It seems that it only compares the size relationship of the first few significant digits? If the number is too long, some strange phenomena will appear.
double a = 1.9;
double b = 1.8;
System.out.println(a > b); // return true
double c = 9007199254740990.9;
double d = 9007199254740990.8;
System.out.println(c > d); // return false
When program source code is compiled or otherwise translated or analyzed, the numerals of floating-point constants in the source code are converted to a floating-point format.
When a numeral is converted to IEEE-754 “double precision” format (also called binary64), the result should be the nearest value representable in that format in the direction determined by the rounding rule in use.

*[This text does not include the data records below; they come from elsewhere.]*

(* Let $F : L_n \to \Delta K$ be a non-degenerate $2$-filtration, fix a dimension $q$, and fix grades $d,h\in L_n$ with $(1,1)\le d$ and $d\le h-(1,1)$. Set $a=d-(1,1)$, $b=d-(1,0)$, $c=d-(0,1)$, $e=h-(1,1)$, $f=h-(1,0)$, $g=h-(0,1)$. If $adeh=1$, then \[\mathsf{Dgm}_q F[d,h]=B\cdot D,\qquad B=1-abeh-aceh,\quad D=1-adef-adeg.\]
   Context: $K$ is a finite simplicial complex, coefficients in a field. $P_n=\{0<\dots<n\}$, $L_n=P_n\times P_n$ with product order, $\bot=(0,0)$, $\top=(n,n)$. $\mathsf{Int}\,L_n=\{[x,y]:x\le y\}$ with $[x,y]\le[z,w]$ iff $x\le z$, $y\le w$. A $2$-filtration is a monotone map $F$ from $L_n$ to subcomplexes of $K$ (ordered by inclusion) with $F(\bot)=\emptyset$, $F(\top)=K$. Birth–death function: $ZB_qF[x,y]=\dim(Z_qF(x)\cap B_qF(y))$ for $y\ne\top$ and $\dim Z_qF(x)$ for $y=\top$, where $Z_q,B_q$ denote $q$-cycles and $q$-boundaries. $\mathsf{Dgm}_qF$ is the unique function on $\mathsf{Int}\,L_n$ with $ZB_qF[z,w]=\sum_{[x,y]\le[z,w]}\mathsf{Dgm}_qF[x,y]$. For a simplex $\sigma$, the minimal elements of the upset $\{x:\sigma\in F(x)\}$ are its lower corners; $F$ is non-degenerate if any two distinct lower corners differ in both coordinates. Notation: for $x\le y$, $xy:=ZB_qF[x,y]$; for $w\le x\le y\le z$, $wxyz:=xz-xy-wz+wy$ (the 1-parameter Möbius inversion value of the interval $[x,z]$ in the filtration $F(w)\subseteq F(x)\subseteq F(y)\subseteq F(z)$). *)

From HB Require Import structures.
From mathcomp Require Import all_boot all_order all_algebra.
From Stdlib Require Import ClassicalEpsilon.
Set Implicit Arguments. Unset Strict Implicit. Unset Printing Implicit Defensive.
Import Order.TTheory GRing.Theory Num.Theory.
Local Open Scope ring_scope.

Definition is_complex (V : finType) (X : {set {set V}}) : Prop :=
  forall s, s \in X -> s != set0 /\ (forall t : {set V}, t \subset s -> t != set0 -> t \in X).

Definition simplices (V : finType) (q : nat) (X : {set {set V}}) : {set {set V}} :=
  [set s in X | #|s| == q.+1].

(* Chains with coefficients in the field k: functions on all vertex sets;
   a chain "lives on" X when supported on simplices of X. *)
Definition chain (k : fieldType) (V : finType) := {ffun {set V} -> k^o}.

Definition elem_chain (k : fieldType) (V : finType) (s : {set V}) : chain k V :=
  [ffun t => (t == s)%:R].

(* vertices are ordered by enum_rank; sign of removing v from s *)
Definition rm_sign (k : fieldType) (V : finType) (s : {set V}) (v : V) : k :=
  (-1) ^+ #|[set u in s | enum_rank u < enum_rank v]%N|.

(* boundary of an oriented simplex (non-augmented: faces must be nonempty) *)
Definition bd_simplex (k : fieldType) (V : finType) (s : {set V}) : chain k V :=
  \sum_(v in s | s :\ v != set0) (rm_sign k s v : k^o) *: elem_chain k (s :\ v).

Definition bd_fun (k : fieldType) (V : finType) (c : chain k V) : chain k V :=
  \sum_(s : {set V}) c s *: bd_simplex k s.

Definition bd (k : fieldType) (V : finType) : 'End(chain k V) := linfun (@bd_fun k V).

Definition chains_on (k : fieldType) (V : finType) (S : {set {set V}}) : {vspace chain k V} :=
  <<[seq elem_chain k s | s <- enum S]>>%VS.

Definition Zq (k : fieldType) (V : finType) (q : nat) (X : {set {set V}}) : {vspace chain k V} :=
  (chains_on k (simplices q X) :&: lker (bd k V))%VS.

Definition Bq (k : fieldType) (V : finType) (q : nat) (X : {set {set V}}) : {vspace chain k V} :=
  <<[seq bd_simplex k s | s <- enum (simplices q.+1 X)]>>%VS.

Definition grade := (nat * nat)%type.
Definition inL (n : nat) (x : grade) : bool := (x.1 <= n)%N && (x.2 <= n)%N.
Definition gle (x y : grade) : bool := (x.1 <= y.1)%N && (x.2 <= y.2)%N.

Definition is_2filtration (V : finType) (n : nat) (K : {set {set V}})
    (F : grade -> {set {set V}}) : Prop :=
  is_complex K /\
  (forall x, inL n x -> is_complex (F x) /\ F x \subset K) /\
  (forall x y, inL n x -> inL n y -> gle x y -> F x \subset F y) /\
  F (0, 0)%N = set0 /\ F (n, n) = K.

Definition lower_corner (V : finType) (n : nat) (F : grade -> {set {set V}})
    (s : {set V}) (x : grade) : Prop :=
  inL n x /\ s \in F x /\
  (forall y, inL n y -> gle y x -> s \in F y -> y = x).

Definition non_degenerate (V : finType) (n : nat) (F : grade -> {set {set V}}) : Prop :=
  forall s x y, lower_corner n F s x -> lower_corner n F s y -> x <> y ->
    x.1 <> y.1 /\ x.2 <> y.2.

Definition ZB (k : fieldType) (V : finType) (n q : nat) (F : grade -> {set {set V}})
    (x y : grade) : nat :=
  if y == (n, n) then \dim (Zq k q (F x))
  else \dim (Zq k q (F x) :&: Bq k q (F y))%VS.

Definition sum_below (n : nat) (D : grade -> grade -> int) (z w : grade) : int :=
  \sum_(x1 < n.+1) \sum_(x2 < n.+1) \sum_(y1 < n.+1) \sum_(y2 < n.+1)
     (if gle (x1 : nat, x2 : nat) (y1 : nat, y2 : nat)
         && gle (x1 : nat, x2 : nat) z && gle (y1 : nat, y2 : nat) w
      then D (x1 : nat, x2 : nat) (y1 : nat, y2 : nat) else 0).

Definition is_Dgm (k : fieldType) (V : finType) (n q : nat) (F : grade -> {set {set V}})
    (D : grade -> grade -> int) : Prop :=
  forall z w, inL n z -> inL n w -> gle z w ->
    (ZB k n q F z w)%:Z = sum_below n D z w.

(* Dgm_q F : the (unique) function satisfying the Moebius-inversion identity *)
Definition Dgm (k : fieldType) (V : finType) (n q : nat) (F : grade -> {set {set V}}) :
    grade -> grade -> int :=
  epsilon (inhabits (fun _ _ => 0)) (is_Dgm k n q F).

(* wxyz := xz - xy - wz + wy  with  xy := ZB_q F [x,y] *)
Definition quad (k : fieldType) (V : finType) (n q : nat) (F : grade -> {set {set V}})
    (w x y z : grade) : int :=
  (ZB k n q F x z)%:Z - (ZB k n q F x y)%:Z - (ZB k n q F w z)%:Z + (ZB k n q F w y)%:Z.

(* Möbius inversion on the grid turns Dgm_q F [d, h] into the alternating sum
   of the sixteen values xy with x in {a, b, c, d} and y in {e, f, g, h}.
   Put U = Z(d) ∩ B(h), X_x = Z(x) ∩ B(h), Y_y = Z(d) ∩ B(y) and H = X_a + Y_e.
   For a <= x <= d and e <= y <= h we have Z(x) ∩ B(y) = X_x ∩ Y_y, hence
   xy = dim X_x + dim Y_y - dim (X_x + Y_y), and adeh = dim U - dim H, so the
   hypothesis adeh = 1 says that H is a hyperplane of U.  Then
   dim (X_x + Y_y) = dim H + 1 - [X_x <= H] [Y_y <= H]: in the alternating sum
   every term depending on x alone or on y alone cancels, and what remains is
   the product of the alternating sums of [X_x <= H] and of [Y_y <= H], which
   are the two factors of the claimed product. *)

From HB Require Import structures.
From mathcomp Require Import all_boot all_order all_algebra.
From mathcomp Require Import zify ring.
From Stdlib Require Import ClassicalEpsilon.
Set Implicit Arguments. Unset Strict Implicit. Unset Printing Implicit Defensive.
Import GRing.Theory Num.Theory.
Local Open Scope ring_scope.

Definition diffn (g : nat -> int) (i : nat) : int :=
  if i is j.+1 then g i - g j else g i.

Definition psum (t : nat -> int) (w : nat) : int := \sum_(i < w.+1) t i.

Lemma eq_diffn (g g' : nat -> int) i :
  (forall j, (i.-1 <= j <= i)%N -> g j = g' j) -> diffn g i = diffn g' i.
Proof. by case: i => [|i] E /=; rewrite !E ?leqnn ?leqnSn. Qed.

Lemma eq_psum (t t' : nat -> int) w : t =1 t' -> psum t w = psum t' w.
Proof. by move=> E; apply: eq_bigr => i _; rewrite E. Qed.
(* Let $d\ge1$, let $P$ be a complex polynomial of degree $d$ and $Z\subset D_1$. Then $$\sup_{D_1}|P|\le K_d(Z)\sup_Z|P|,\qquad K_d(Z)=\inf_{\alpha>0}\Big(\frac{6e^{1/\alpha}}{c_{d,\alpha}(Z)}\Big)^d$$ (with the convention that a term with $c_{d,\alpha}(Z)=0$ equals $+\infty$).
   Context: $D_r=\{z\in\mathbb C:|z|<r\}$. For $Z\subset D_1$, $d\in\mathbb N$ and $\alpha>0$, the $(d,\alpha)$-Cartan measure is $c_{d,\alpha}(Z)=\inf\{(\sum_{j=1}^q r_j^\alpha)^{1/\alpha}:\ Z\text{ is covered by } q\le d \text{ disks of radii } r_1,\dots,r_q>0\}$. *)

From Stdlib Require Import Reals List.
Open Scope R_scope.

Definition Cx : Type := (R * R)%type.
Definition C0 : Cx := (0, 0).
Definition Cadd (z w : Cx) : Cx := (fst z + fst w, snd z + snd w).
Definition Csub (z w : Cx) : Cx := (fst z - fst w, snd z - snd w).
Definition Cmul (z w : Cx) : Cx :=
  (fst z * fst w - snd z * snd w, fst z * snd w + snd z * fst w).
Definition Cmod (z : Cx) : R := sqrt (fst z ^ 2 + snd z ^ 2).

(* Polynomial given by its coefficient list [a_0; a_1; ...; a_n] (lowest
   degree first); evaluation by Horner's scheme: a_0 + z (a_1 + z (...)). *)
Fixpoint peval (a : list Cx) (z : Cx) : Cx :=
  match a with
  | nil => C0
  | c :: l => Cadd c (Cmul z (peval l z))
  end.

Definition has_degree (a : list Cx) (d : nat) : Prop :=
  length a = S d /\ nth d a C0 <> C0.

Definition in_disk (c : Cx) (r : R) (z : Cx) : Prop := Cmod (Csub z c) < r.

Definition cartan_value (d : nat) (alpha : R) (Z : Cx -> Prop) (v : R) : Prop :=
  exists disks : list (Cx * R),
    (length disks <= d)%nat /\
    Forall (fun p => 0 < snd p) disks /\
    (forall z, Z z -> exists p, In p disks /\ in_disk (fst p) (snd p) z) /\
    v = Rpower (fold_right (fun p s => Rpower (snd p) alpha + s) 0 disks) (1 / alpha).

Definition is_glb (E : R -> Prop) (m : R) : Prop :=
  (forall x, E x -> m <= x) /\ (forall b, (forall x, E x -> b <= x) -> b <= m).

Definition is_cartan_measure (d : nat) (alpha : R) (Z : Cx -> Prop) (c : R) : Prop :=
  is_glb (cartan_value d alpha Z) c.

(* Write |P(z)| = |lc| prod_j |z - z_j| over the roots z_j.  Fix h < c_{d,alpha}(Z),
   put eta = h/2 and call w heavy when some disk D(w, r) holds at least
   d (r/eta)^alpha roots.  Cartan's lemma covers the heavy points by at most d disks
   with sum r_j^alpha <= h^alpha < c^alpha, so some w in Z is not heavy.  Peeling off
   the roots farthest from w one at a time, the farthest of k remaining roots lies at
   distance >= lambda_k = eta (k/d)^(1/alpha), while |z - z_j| <= 2 + |w - z_j|
   <= 3 |w - z_j| / lambda_k.  Hence |P(z)| <= |P(w)| prod_k 3/lambda_k
   = (6/h)^d (d^d/d!)^(1/alpha) |P(w)| <= (6 e^(1/alpha)/h)^d M, and h -> c. *)

From Stdlib Require Import Reals List Lra Lia Classical Arith.
From Coquelicot Require Complex.
From mathcomp Require ssreflect ssrfun ssrbool eqtype ssrnat seq bigop ssralg ssrnum poly.
From mathcomp Require complex Rstruct.
Open Scope R_scope.

Section CountIn.
Context {T : Type}.

Definition count_in (P : T -> bool) (S : list T) : nat := length (filter P S).

Lemma count_in_le_length P S : (count_in P S <= length S)%nat.
Proof. apply filter_length_le. Qed.

Lemma count_in_mono (P Q : T -> bool) S :
  (forall z, In z S -> P z = true -> Q z = true) -> (count_in P S <= count_in Q S)%nat.
Proof.
  unfold count_in; induction S as [|x S IH]; simpl; intros HPQ; [lia|].
  assert (IH' : (length (filter P S) <= length (filter Q S))%nat) by (apply IH; auto).
  destruct (P x) eqn:Px.
  - rewrite (HPQ x (or_introl eq_refl) Px); simpl; lia.
  - destruct (Q x); simpl; lia.
Qed.

Lemma count_in_filter (P Q : T -> bool) S :
  (forall z, In z S -> P z = true -> Q z = true) -> count_in P (filter Q S) = count_in P S.
Proof.
  unfold count_in; induction S as [|x S IH]; simpl; intros HPQ; [reflexivity|].
  destruct (P x) eqn:Px.
  - rewrite (HPQ x (or_introl eq_refl) Px); simpl; rewrite Px; simpl; f_equal; auto.
  - destruct (Q x); simpl; [rewrite Px|]; auto.
Qed.

Lemma count_in_all P S : (forall z, In z S -> P z = true) -> count_in P S = length S.
Proof.
  unfold count_in; induction S as [|x S IH]; simpl; intros HP; [reflexivity|].
  rewrite (HP x (or_introl eq_refl)); simpl; f_equal; auto.
Qed.

Lemma count_in_app_cons P l1 x l2 : (count_in P (l1 ++ l2) <= count_in P (l1 ++ x :: l2))%nat.
Proof.
  unfold count_in; rewrite !filter_app, !length_app; simpl; destruct (P x); simpl; lia.
Qed.

End CountIn.

Lemma exists_argmax {A : Type} (f : A -> R) (l : list A) :
  l <> nil -> exists x, In x l /\ forall y, In y l -> f y <= f x.
Proof.
  induction l as [|a l IH]; intros Hl; [congruence|].
  destruct l as [|b l'].
  - exists a; split; [now left|]; intros y [<-|[]]; lra.
  - destruct (IH ltac:(discriminate)) as [x [Hx Hmax]].
    destruct (Rle_dec (f a) (f x)).
    + exists x; split; [now right|]; intros y [<-|Hy]; auto.
    + exists a; split; [now left|]; intros y [<-|Hy]; [lra|].
      specialize (Hmax y Hy); lra.
Qed.

Lemma exists_largest_le (Q : nat -> Prop) m :
  Q 1%nat -> (1 <= m)%nat -> exists p, (1 <= p <= m)%nat /\ Q p /\ forall q, (p < q <= m)%nat -> ~ Q q.
Proof.
  intros Q1; induction m as [|m IH]; intros Hm; [lia|].
  destruct (classic (Q (S m))) as [HQ|HQ].
  - exists (S m); repeat split; auto; lia.
  - destruct m as [|m]; [contradiction|].
    destruct (IH ltac:(lia)) as [p [Hp [Qp Hmax]]].
    exists p; repeat split; auto; try lia.
    intros q Hq; destruct (Nat.eq_dec q (S (S m))) as [->|]; auto; apply Hmax; lia.
Qed.

Lemma Rpower_gt0 x y : 0 < Rpower x y.
Proof. apply exp_pos. Qed.

Lemma Rpower_le_iff x y a : 0 < x -> 0 < y -> 0 < a -> Rpower x a <= Rpower y a <-> x <= y.
Proof.
  intros Hx Hy Ha; split; intros Hle.
  - destruct (Rle_dec x y) as [|Hxy]; auto.
    assert (Rpower y a < Rpower x a) by (apply Rlt_Rpower_l; lra); lra.
  - apply Rle_Rpower_l; lra.
Qed.

Lemma Rpower_Rpower_inv x a : 0 < x -> 0 < a -> Rpower (Rpower x (1 / a)) a = x.
Proof.
  intros Hx Ha; rewrite Rpower_mult; replace (1 / a * a) with 1 by (field; lra).
  now apply Rpower_1.
Qed.

Lemma Rpower_inv_Rpower x a : 0 < x -> 0 < a -> Rpower (Rpower x a) (1 / a) = x.
Proof.
  intros Hx Ha; rewrite Rpower_mult; replace (a * (1 / a)) with 1 by (field; lra).
  now apply Rpower_1.
Qed.

Lemma exp_le_exp x y : x <= y <-> exp x <= exp y.
Proof.
  split; intros Hle.
  - destruct Hle as [Hlt|<-]; [left; now apply exp_increasing|lra].
  - apply Rnot_lt_le; intros Hlt; apply exp_increasing in Hlt; lra.
Qed.

Lemma exp_pow x n : exp x ^ n = exp (INR n * x).
Proof.
  induction n as [|n IH]; [simpl; now rewrite Rmult_0_l, exp_0|].
  rewrite S_INR; simpl; rewrite IH, <- exp_plus; f_equal; ring.
Qed.

(* Inductive step: [(1 + 1/n)^n <= e]. *)
Lemma pow_le_fact_exp n : INR n ^ n <= INR (fact n) * exp (INR n).
Proof.
  induction n as [|n IH]; [simpl; rewrite exp_0; lra|].
  destruct (Nat.eq_dec n 0) as [->|Hn].
  - simpl; pose proof (exp_ineq1_le 1); lra.
  - assert (Hnpos : 0 < INR n) by (apply lt_0_INR; lia).
    assert (Hstep : INR (S n) ^ n <= INR n ^ n * exp 1).
    { replace (exp 1) with (exp (1 / INR n) ^ n) by (rewrite exp_pow; f_equal; field; lra).
      rewrite <- Rpow_mult_distr; apply pow_incr; split; [apply pos_INR|].
      rewrite S_INR; pose proof (exp_ineq1_le (1 / INR n)) as He.
      apply Rmult_le_compat_l with (r := INR n) in He; [|lra].
      replace (INR n * (1 + 1 / INR n)) with (INR n + 1) in He by (field; lra); lra. }
    replace (INR (S n) ^ S n) with (INR (S n) * INR (S n) ^ n) by (simpl; ring).
    replace (INR (fact (S n)) * exp (INR (S n)))
      with (INR (S n) * (INR (fact n) * exp (INR n) * exp 1))
      by (rewrite fact_simpl, mult_INR, S_INR, exp_plus; ring).
    apply Rmult_le_compat_l; [apply pos_INR|].
    apply Rle_trans with (INR n ^ n * exp 1); [exact Hstep|].
    apply Rmult_le_compat_r; [left; apply exp_pos|exact IH].
Qed.

Lemma le_pow_mul_of_gt (X u M : R) (d : nat) : (1 <= d)%nat -> 0 <= u -> 0 <= M ->
  (forall v, u < v -> X <= v ^ d * M) -> X <= u ^ d * M.
Proof.
  intros Hd Hu HM Hv; apply Rnot_lt_le; intros HX.
  assert (Hud : 0 <= u ^ d) by (apply pow_le; lra).
  destruct HM as [HM|<-].
  2:{ specialize (Hv (u + 1) ltac:(lra)); lra. }
  assert (HXM : u ^ d < X / M).
  { apply Rmult_lt_reg_r with M; [lra|]; replace (X / M * M) with X by (field; lra); lra. }
  set (y := (u ^ d + X / M) / 2).
  assert (Hdpos : 0 < INR d) by (apply lt_0_INR; lia).
  set (v := Rpower y (/ INR d)).
  assert (Hvy : v ^ d = y).
  { unfold v; rewrite <- Rpower_pow by apply Rpower_gt0.
    rewrite Rpower_mult, Rinv_l, Rpower_1 by (unfold y; lra); reflexivity. }
  assert (Huv : u < v).
  { apply Rnot_le_lt; intros Hvu.
    assert (v ^ d <= u ^ d) by (apply pow_incr; split; [left; apply Rpower_gt0|exact Hvu]).
    unfold y in Hvy; lra. }
  specialize (Hv v Huv); rewrite Hvy in Hv.
  assert (y * M < X / M * M) by (apply Rmult_lt_compat_r; unfold y; lra).
  replace (X / M * M) with X in * by (field; lra); lra.
Qed.

Section CartanLemma.

Variables (alpha eta : R) (n : nat).
Hypotheses (alpha_gt0 : 0 < alpha) (eta_gt0 : 0 < eta) (n_ge1 : (1 <= n)%nat).

Definition cartan_radius (p : nat) : R := eta * Rpower (INR p / INR n) (1 / alpha).

Let n_gt0 : 0 < INR n.
Proof. apply lt_0_INR; lia. Qed.

Let Rpower_eta_gt0 : 0 < Rpower eta alpha.
Proof. apply Rpower_gt0. Qed.

Lemma cartan_radius_gt0 p : 0 < cartan_radius p.
Proof. apply Rmult_lt_0_compat; [exact eta_gt0|apply Rpower_gt0]. Qed.

Lemma Rpower_cartan_radius p : (1 <= p)%nat ->
  Rpower (cartan_radius p) alpha = INR p / INR n * Rpower eta alpha.
Proof.
  intros Hp; assert (0 < INR p) by (apply lt_0_INR; lia).
  unfold cartan_radius; rewrite <- Rpower_mult_distr by (auto; apply Rpower_gt0).
  rewrite Rpower_Rpower_inv by (auto; apply Rdiv_lt_0_compat; auto); ring.
Qed.

Lemma le_cartan_radius r p : 0 < r -> (1 <= p)%nat ->
  r <= cartan_radius p <-> INR n * Rpower r alpha <= INR p * Rpower eta alpha.
Proof.
  intros Hr Hp; rewrite <- (Rpower_le_iff r (cartan_radius p) alpha) by (auto; apply cartan_radius_gt0).
  rewrite Rpower_cartan_radius by exact Hp.
  replace (INR p * Rpower eta alpha) with (INR n * (INR p / INR n * Rpower eta alpha)) by (field; lra).
  split; intros; [apply Rmult_le_compat_l|apply Rmult_le_reg_l with (INR n)]; lra.
Qed.

Lemma Rpower_double_cartan_radius p : (1 <= p)%nat ->
  Rpower (2 * cartan_radius p) alpha = INR p * (Rpower (2 * eta) alpha / INR n).
Proof.
  intros Hp; rewrite <- !Rpower_mult_distr by (auto; lra || apply cartan_radius_gt0).
  rewrite Rpower_cartan_radius by exact Hp; field; lra.
Qed.

Lemma cartan_radius_le p : (1 <= p)%nat -> (p <= n)%nat -> cartan_radius p <= eta.
Proof.
  intros Hp Hpn; assert (0 < INR p) by (apply lt_0_INR; lia).
  rewrite <- (Rpower_le_iff _ _ alpha) by (auto; apply cartan_radius_gt0).
  rewrite Rpower_cartan_radius by exact Hp.
  assert (INR p <= INR n) by (apply le_INR; exact Hpn).
  rewrite <- (Rmult_1_l (Rpower eta alpha)) at 2; apply Rmult_le_compat_r; [lra|].
  apply Rmult_le_reg_r with (INR n); [exact n_gt0|]; unfold Rdiv; rewrite Rmult_assoc, Rinv_l; lra.
Qed.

The default rounding rule is round-to-nearest ties-to-even.
When 1.9 is converted in this way, the result is 1.899999999999999911182158029987476766109466552734375, because that is the closest representable value to 1.9. The second closest number is 1.9000000000000001332267629550187848508358001708984375, and that is a little farther from 1.9 than 1.899999999999999911182158029987476766109466552734375 is.
When 1.8 is converted, the result is 1.8000000000000000444089209850062616169452667236328125. The former is greater than the latter, so a > b evaluates as true.
When 9007199254740990.9 is converted, the result is 9007199254740991. When 9007199254740990.8, the result is 9007199254740991. These are equal, so c > d evaluates as false.